For experiment 1, we compared the patients against a control group acquired in the context of a different study (Bach et al., 2009); comprising 25 healthy participants (13 male, 12 female) with an age (mean±standard deviation) of 35.4±13.1 years. For experiment 2, we collected a sample more closely matched to the patients; these were 16 healthy females with an age of 33.6±3.4 years.

2.3. Stimuli

Task 1: Stimuli were taken from a validated set of Banse & Scherer (1996). The original work was concerned with acoustic profiles in vocal emotion expression that addressed the emotions fear, sadness, anger, disgust, neutral affect, and happiness. In the original set, 12 professional actors vocalised the emotions. There were two sentences for each emotion and intensity level, and each sentence was vocalised twice in two different eliciting scenarios. From the whole set, items were selected on the basis of expert ratings by an independent group of 12 actors. Those items were then included in a recognition study with naive participants. In the recognition study, stimuli were also included from actors who did not perform well on all emotions. To minimise variance caused by low-level acoustic features, we used only stimuli from the two actors (one male, one female) who performed the whole set of emotions. Therefore, the stimulus set used in the present study comprised only a part of the original set. Nine additional stimuli vocalised by a different actor were used as practice items for experiment 1. Hence, there were eight items for each intensity level of intensity-graded emotions, for two actors, two sentences, and two scenarios. For neutral and disgust, there were two different items from each actor/sentence/scenario combination, adding up to 16 items, to keep the total number of items per emotion category constant. The sentences were ‘Hat sundig pron you venzy’ and ‘Fee gott laish jonkill gosterr ’. These meaningless sentences comprise phonemes from several Indo-European languages and resemble normal speech. According to the validation study, ‘listeners generally have the impression of listening to an unknown foreign language’ (Banse & Scherer, 1996). Thus, experiment 1 used 96 stimuli expressing fear, sadness, anger, disgust, neutral affect, and happiness. Only stimuli for fear, sadness, anger, and happiness were graded in two intensity categories. Hence, a first analysis was performed on all six emotion categories while not accounting for intensity, and a second analysis on the four intensity-graded emotion categories.
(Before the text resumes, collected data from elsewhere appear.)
Lemma tofrac_evalx2 (p : Rpol) : tofrac p = evalx2 x2 p.
Proof. by rewrite (evalx2E _ (leqnn _)) -tofrac_poly coefK. Qed.

Record ratfun := RatFun {
  rnum : {poly F}; rden : {poly F}; rnum_neq0 : rnum != 0; rden_neq0 : rden != 0 }.

Definition rval (r : ratfun) : KL := polyx1 (rnum r) / polyx1 (rden r).

Lemma rval_neq0 r : rval r != 0.
Proof. by rewrite /rval mulf_neq0 ?invr_eq0 ?polyx1_neq0 ?rnum_neq0 ?rden_neq0. Qed.

Lemma evalx2_ratio (u v : {poly F}) (p : Rpol) D : v != 0 -> (size p <= D)%N ->
  evalx2 (x2 * (polyx1 u / polyx1 v)) p =
  tofrac (\poly_(i < D) (p`_i * u ^+ i * v ^+ (D - i)) : Rpol) / polyx1 v ^+ D.
Proof.
move=> hv hD; rewrite (evalx2E _ hD) tofrac_poly mulr_suml.
apply: eq_bigr => [[i /ltnW hi]] _ /=.
have hvD : polyx1 v ^+ (D - i) != 0 by rewrite expf_neq0 ?polyx1_neq0.
have hvi : polyx1 v ^+ i != 0 by rewrite expf_neq0 ?polyx1_neq0.
rewrite !rmorphM !rmorphXn /= -[in polyx1 v ^+ D](subnKC hi) exprD exprMn expr_div_n.
by rewrite (mul_ratio_rearrange _ _ _ hvi hvD).
Qed.

Lemma evalx2_ratio_eq0 r (p : Rpol) : (evalx2 (x2 * rval r) p == 0) = (p == 0).
Proof.
apply/eqP/eqP => [|->]; last exact: rmorph0.
rewrite (evalx2_ratio _ (rden_neq0 r) (leqnn (size p))) => /eqP.
rewrite mulf_eq0 invr_eq0 expf_eq0 (negPf (polyx1_neq0 (rden_neq0 r))) andbF orbF.
rewrite tofrac_eq0 => /eqP /polyP h; apply/polyP => i; move: (h i).
rewrite coef_poly coef0; case: ltnP => [_ /eqP|hi _]; last by rewrite nth_default.
by rewrite !mulf_eq0 !expf_eq0 (negPf (rnum_neq0 r)) (negPf (rden_neq0 r)) !andbF !orbF => /eqP.
Qed.

(* The twist by r: the automorphism of K_L fixing x1 with x2 |-> x2 * rval r,
   computed on the canonical representative as mu is. *)
Definition twist (r : ratfun) (f : KL) : KL :=
  subst2 x1 (x2 * rval r) \n_(repr f) / subst2 x1 (x2 * rval r) \d_(repr f).

(* The twist does not depend on the chosen representative. *)
Lemma twistE r (p q : Rpol) : q != 0 ->
  twist r (tofrac p / tofrac q) = evalx2 (x2 * rval r) p / evalx2 (x2 * rval r) q.
Proof.
move=> hq; rewrite /twist !subst2_x1; set f := tofrac p / tofrac q.
have : tofrac p / tofrac q = tofrac \n_(repr f) / tofrac \d_(repr f) :> KL.
  by rewrite -tofrac_repr.
move/eqP; rewrite eqr_div ?tofrac_eq0 ?denom_ratioP // -!rmorphM tofrac_eq => /eqP h.
apply/eqP; rewrite eqr_div ?evalx2_ratio_eq0 ?denom_ratioP //.
by rewrite -!rmorphM h.
Qed.

Lemma twist_tofrac r p : twist r (tofrac p) = evalx2 (x2 * rval r) p.
Proof. by rewrite -[tofrac p]divr1 -tofrac1 twistE ?oner_neq0 // rmorph1 divr1. Qed.

Lemma twistB r : zmod_morphism (twist r).
Proof.
move=> f g; have [a [b [hb ->]]] := fracP f; have [c [d [hd ->]]] := fracP g.
have hbd : b * d != 0 by rewrite mulf_neq0.
rewrite -mulNr addf_div ?tofrac_eq0 // mulNr -!tofracM -tofracB twistE //.
rewrite !twistE // rmorphB !rmorphM -[in X in _ = X]mulNr addf_div ?evalx2_ratio_eq0 //.
by rewrite mulNr.
Qed.

Lemma twistM r : monoid_morphism (twist r).
Proof.
split; first by rewrite -tofrac1 twist_tofrac rmorph1.
move=> f g; have [a [b [hb ->]]] := fracP f; have [c [d [hd ->]]] := fracP g.
rewrite mulf_div -!tofracM !twistE ?mulf_neq0 //.
by rewrite (rmorphM (evalx2 _) a c) (rmorphM (evalx2 _) b d) mulf_div.
Qed.

HB.instance Definition _ r := GRing.isZmodMorphism.Build KL KL (twist r) (twistB r).
HB.instance Definition _ r := GRing.isMonoidMorphism.Build KL KL (twist r) (twistM r).

Lemma twist_polyx1 r u : twist r (polyx1 u) = polyx1 u.
Proof. by rewrite /polyx1 /= twist_tofrac /evalx2 /horner_morph map_polyC hornerC. Qed.

Lemma twist_x1 r : twist r x1 = x1.
Proof. exact: (twist_polyx1 r 'X). Qed.

Lemma twist_x2 r : twist r x2 = x2 * rval r.
Proof. by rewrite twist_tofrac /evalx2 /horner_morph map_polyX hornerX. Qed.

Lemma twist_rval r s : twist r (rval s) = rval s.
Proof. by rewrite /rval fmorph_div /= !twist_polyx1. Qed.

Lemma rmorph_ext (phi psi : {rmorphism KL -> KL}) :
  (forall u, phi (polyx1 u) = psi (polyx1 u)) -> phi x2 = psi x2 -> phi =1 psi.
Proof.
move=> hC hx f; have [p [q [hq ->]]] := fracP f; rewrite !fmorph_div.
suff h (a : Rpol) : phi (tofrac a) = psi (tofrac a) by rewrite !h.
rewrite tofrac_evalx2 /evalx2 /horner_morph -!horner_map /= hx.
by rewrite -!map_poly_comp; congr (_.[_]); apply: eq_map_poly => u /=.
Qed.

Lemma twist_comp r s t f :
  rval t = rval r * rval s -> twist r (twist s f) = twist t f.
Proof.
move=> h; apply: (rmorph_ext (phi := (twist r \o twist s)%FUN)) => [u|] /=.
  by rewrite !twist_polyx1.
by rewrite !twist_x2 rmorphM /= twist_x2 twist_rval h mulrA.
Qed.

Lemma twist_id r f : rval r = 1 -> twist r f = f.
Proof.
move=> h; have [p [q [hq ->]]] := fracP f.
by rewrite twistE // h mulr1 -!tofrac_evalx2.
Qed.

Definition rexp (r : ratfun) (n : nat) : ratfun :=
  RatFun (expf_neq0 n (rnum_neq0 r)) (expf_neq0 n (rden_neq0 r)).

Definition rinv (r : ratfun) : ratfun := RatFun (rden_neq0 r) (rnum_neq0 r).

Definition rpow (r : ratfun) (z : int) : ratfun :=
  match z with Posz n => rexp r n | Negz n => rinv (rexp r n.+1) end.
(* Let $G$ be a graph with an edge $e=t_1t_2$. Then $G$ has a fundamental rooted cycle basis (a spanning tree $T$ such that every fundamental cycle of $T$ contains $e$) if and only if there exist two vertex sets $S_1,S_2$ such that: (i) $S_1$ and $S_2$ partition $V(G)$; (ii) $t_1$ and $t_2$ belong to different sets of the partition; (iii) for each $i\in\{1,2\}$, the subgraph induced by $S_i$ is connected; (iv) for each $i\in\{1,2\}$, the subgraph induced by $S_i$ is acyclic.
   Context: For a spanning tree $T$, the fundamental cycle of a non-tree edge $f$ is $f$ together with the unique path in $T$ connecting the endpoints of $f$; the fundamental cycle basis of $T$ consists of all fundamental cycles, and it is rooted at $e$ if all of them contain $e$. *)

(* Finite simple graphs: a symmetric irreflexive relation
   G on a finType V.  Subgraphs (edge sets) are symmetric subrelations. *)
From mathcomp Require Import all_boot.
Set Implicit Arguments.
Unset Strict Implicit.
Unset Printing Implicit Defensive.

Definition is_cycle (V : finType) (E : rel V) (c : seq V) : bool :=
  ucycleb E c && (2 < size c).

Definition acyclic (V : finType) (E : rel V) : Prop :=
  forall c : seq V, ~~ is_cycle E c.

Definition induced (V : finType) (G : rel V) (S : {set V}) : rel V :=
  fun x y => [&& G x y, x \in S & y \in S].

Definition connected_on (V : finType) (E : rel V) (S : {set V}) : Prop :=
  forall x y, x \in S -> y \in S -> connect E x y.

Definition spanning_tree (V : finType) (G T : rel V) : Prop :=
  subrel T G /\ symmetric T /\ (forall x y, connect T x y) /\ acyclic T.

Definition edge_in_cycle (V : finType) (a b : V) (c : seq V) : bool :=
  ((a, b) \in zip c (rot 1 c)) || ((b, a) \in zip c (rot 1 c)).

(* The fundamental cycle of a non-tree edge uv of G is  u :: p  where
   u :: p is the (unique) T-path from u to v (closed by the edge vu). *)
Definition fcb_rooted_at (V : finType) (G T : rel V) (t1 t2 : V) : Prop :=
  forall u v, G u v -> ~~ T u v ->
  forall p : seq V, path T u p -> uniq (u :: p) -> last u p = v ->
  edge_in_cycle t1 t2 (u :: p).

From mathcomp Require Import all_boot.

(* Given a spanning tree T rooted at t1t2, cut the first edge t1h of the tree
   path from t1 to t2.  The two components of T - t1h separate t1 from t2, and
   every edge of G inside one component is a tree edge: a uniq tree path
   between two vertices on the same side never crosses t1h, so the fundamental
   cycle of a non-tree edge inside a component would miss t1t2.
   Conversely, if G[S1] and G[S2] are trees, adding the bridge t1t2 gives a
   spanning tree of G; a non-tree edge of G crosses between S1 and S2, so its
   fundamental cycle has to cross back through t1t2. *)

Set Implicit Arguments.
Unset Strict Implicit.
Unset Printing Implicit Defensive.

Section RootedCycleBasis.

Variable V : finType.
Implicit Types (E G T : rel V) (a b x y : V) (p : seq V).

Definition uedge a b : rel V :=
  [rel x y | (x == a) && (y == b) || (x == b) && (y == a)].

Definition avoids a b : V -> seq V -> bool := path [rel x y | ~~ uedge a b x y].

Definition del_edge E a b : rel V := [rel x y | E x y && ~~ uedge a b x y].

Lemma uedge_sym a b : symmetric (uedge a b).
Proof. by move=> x y; rewrite /uedge /= orbC; congr (_ || _); rewrite andbC. Qed.

Lemma del_edge_sym E a b : symmetric E -> symmetric (del_edge E a b).
Proof. by move=> Esym x y; rewrite /del_edge /= Esym uedge_sym. Qed.

Lemma path_del_edge E a b x p :
  path (del_edge E a b) x p = path E x p && avoids a b x p.
Proof. exact: path_relI. Qed.

Lemma avoids_notin a b x p :
  (a \notin x :: p) || (b \notin x :: p) -> avoids a b x p.
Proof.
elim: p x => //= y p IHp x; rewrite !inE !negb_or.
case/orP=> /and3P[nx ny np]; rewrite IHp ?inE ?negb_or ?ny ?np ?orbT // andbT;
  by rewrite !(eq_sym x) !(eq_sym y) (negPf nx) (negPf ny) ?andbF.
Qed.

Lemma avoidsE a b x p :
  avoids a b x p = ((a, b) \notin zip (x :: p) p) && ((b, a) \notin zip (x :: p) p).
Proof.
elim: p x => //= y p IHp x; rewrite IHp !inE !negb_or !xpair_eqE.
by rewrite !(eq_sym x) !(eq_sym y) -!andbA; do !bool_congr.
Qed.

Lemma zip_cons_rcons x p z :
  zip (x :: p) (rcons p z) = rcons (zip (x :: p) p) (last x p, z).
Proof. by elim: p x => //= y p IHp x; rewrite IHp. Qed.

Lemma edge_in_cycle_cons a b x p :
  edge_in_cycle a b (x :: p) = ~~ avoids a b x p || uedge a b (last x p) x.
Proof.
rewrite /edge_in_cycle rot1_cons zip_cons_rcons !mem_rcons !inE !xpair_eqE avoidsE.
rewrite /= negb_and !negbK !(eq_sym a) !(eq_sym b).
by rewrite /uedge /= -!orbA; do !bool_congr.
Qed.

Lemma path_relU_avoids E a b x p :
  path (relU E (uedge a b)) x p -> avoids a b x p -> path E x p.
Proof.
move=> Fp av; have : path (del_edge (relU E (uedge a b)) a b) x p.
  by rewrite path_del_edge Fp.
by apply: sub_path => u v /andP[/orP[// | ->]].
Qed.

Lemma path_relU_notin E a b x p :
  path (relU E (uedge a b)) x p -> a \notin x :: p -> path E x p.
Proof. by move=> Fp nap; apply: path_relU_avoids Fp _; rewrite avoids_notin ?nap. Qed.

Lemma acyclic_sub E E' : subrel E E' -> acyclic E' -> acyclic E.
Proof.
move=> EE' E'ac c; apply: contraNN (E'ac c).
by rewrite /is_cycle /ucycleb => /andP[/andP[/(sub_cycle EE') -> ->] ->].
Qed.

Lemma connected_component_induced G R c :
  symmetric G -> subrel R G ->
  connected_on (induced G [set y | connect R c y]) [set y | connect R c y].
Proof.
move=> Gsym RG; set C := [set y | connect R c y].
have Csym : connect_sym (induced G C).
  by apply: sym_connect_sym => x y; rewrite /induced Gsym (andbC (x \in C)).
have reach x : connect R c x -> connect (induced G C) c x.
  case/connectP=> p Rp ->; apply/connectP; exists p => //.
  have Cp : all [in C] (c :: p) by apply/allP=> z /(path_connect Rp); rewrite inE.
  by apply: (sub_in_path _ Cp Rp) => u v uC vC /RG Guv; rewrite /induced Guv uC vC.
move=> x y; rewrite !inE => cx cy.
by apply: connect_trans (reach y cy); rewrite Csym reach.
Qed.

Lemma acyclic_add_bridge E a b :
  symmetric E -> acyclic E -> ~~ connect E a b -> acyclic (relU E (uedge a b)).
Proof.
move=> Esym Eac nEab; set F := relU E (uedge a b).
have nab : a != b by apply: contraNneq nEab => ->.
move=> c; apply/negP=> /andP[/andP[Fc uc] szc].
have [ac | nac] := boolP (a \in c); last first.
  case: c nac Fc uc szc => // x p nac Fc uc szc.
  apply: (negP (Eac (x :: p))); rewrite /is_cycle /ucycleb uc szc !andbT.
  apply: path_relU_notin Fc _; rewrite -rcons_cons mem_rcons in_cons (negPf nac) orbF.
  by apply: contra nac => /eqP->; apply: mem_head.
have [i q cE] := rot_to ac.
move: Fc uc szc; rewrite -(rot_cycle i) -(rot_uniq i) -(size_rot i) cE.
case: q {cE} => [|y [|z q]] // Fc uc _.
move: Fc; rewrite /cycle rcons_path => /andP[/andP[Fay Fyq] Fla].
set l := last z q; have {}Fla : F l a := Fla.
have {}Fyq : path F y (z :: q) := Fyq.
have Eyq : path E y (z :: q) by apply: path_relU_notin Fyq _; case/andP: uc.
have Eyl : connect E y l by apply/connectP; exists (z :: q).
have nly : l != y.
  apply: contraTneq (mem_last z q) => ly; rewrite -/l ly.
  by case/and3P: uc.
have Fa u : F a u = E a u || (u == b).
  by rewrite /F /uedge /= eqxx (negPf nab) /= orbF.
have Fa' u : F u a = E u a || (u == b).
  by rewrite /F /uedge /= eqxx (negPf nab) andbF andbT.
have {}Fay : E a y || (y == b) by rewrite -Fa.
have {}Fla : E l a || (l == b) by rewrite -Fa'.
have [yb | nyb] := eqVneq y b.
  rewrite -yb (negPf nly) orbF in Fla.
  apply: (negP nEab); rewrite (sym_connect_sym Esym) -yb.
  exact: connect_trans Eyl (connect1 Fla).
rewrite (negPf nyb) orbF in Fay.
have [lb | nlb] := eqVneq l b.
  by apply: (negP nEab); rewrite -lb; apply: connect_trans (connect1 Fay) Eyl.
rewrite (negPf nlb) orbF in Fla.
apply: (negP (Eac [:: a, y, z & q])); rewrite /is_cycle /ucycleb uc andbT /cycle rcons_path.
by rewrite -andbA; apply/and3P; split=> //; apply/andP.
Qed.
Task 2: Stimuli for the second task were the subset of 16 angry, 16 fearful, and 16 neutral items from task 1.

2.4. Apparatus and procedure

Task 1: All stimuli were played on a standard PC, using eprime software (Psychology Software Tools, Pittsburgh PA, USA). Listeners could adjust the loudness ad libitum. Each stimulus was about 2 s in length. Stimuli were presented in randomized order. Participants responded by selecting the appropriate emotion category with a computer mouse. They had as much time to respond as they needed, but the presentation could not be repeated.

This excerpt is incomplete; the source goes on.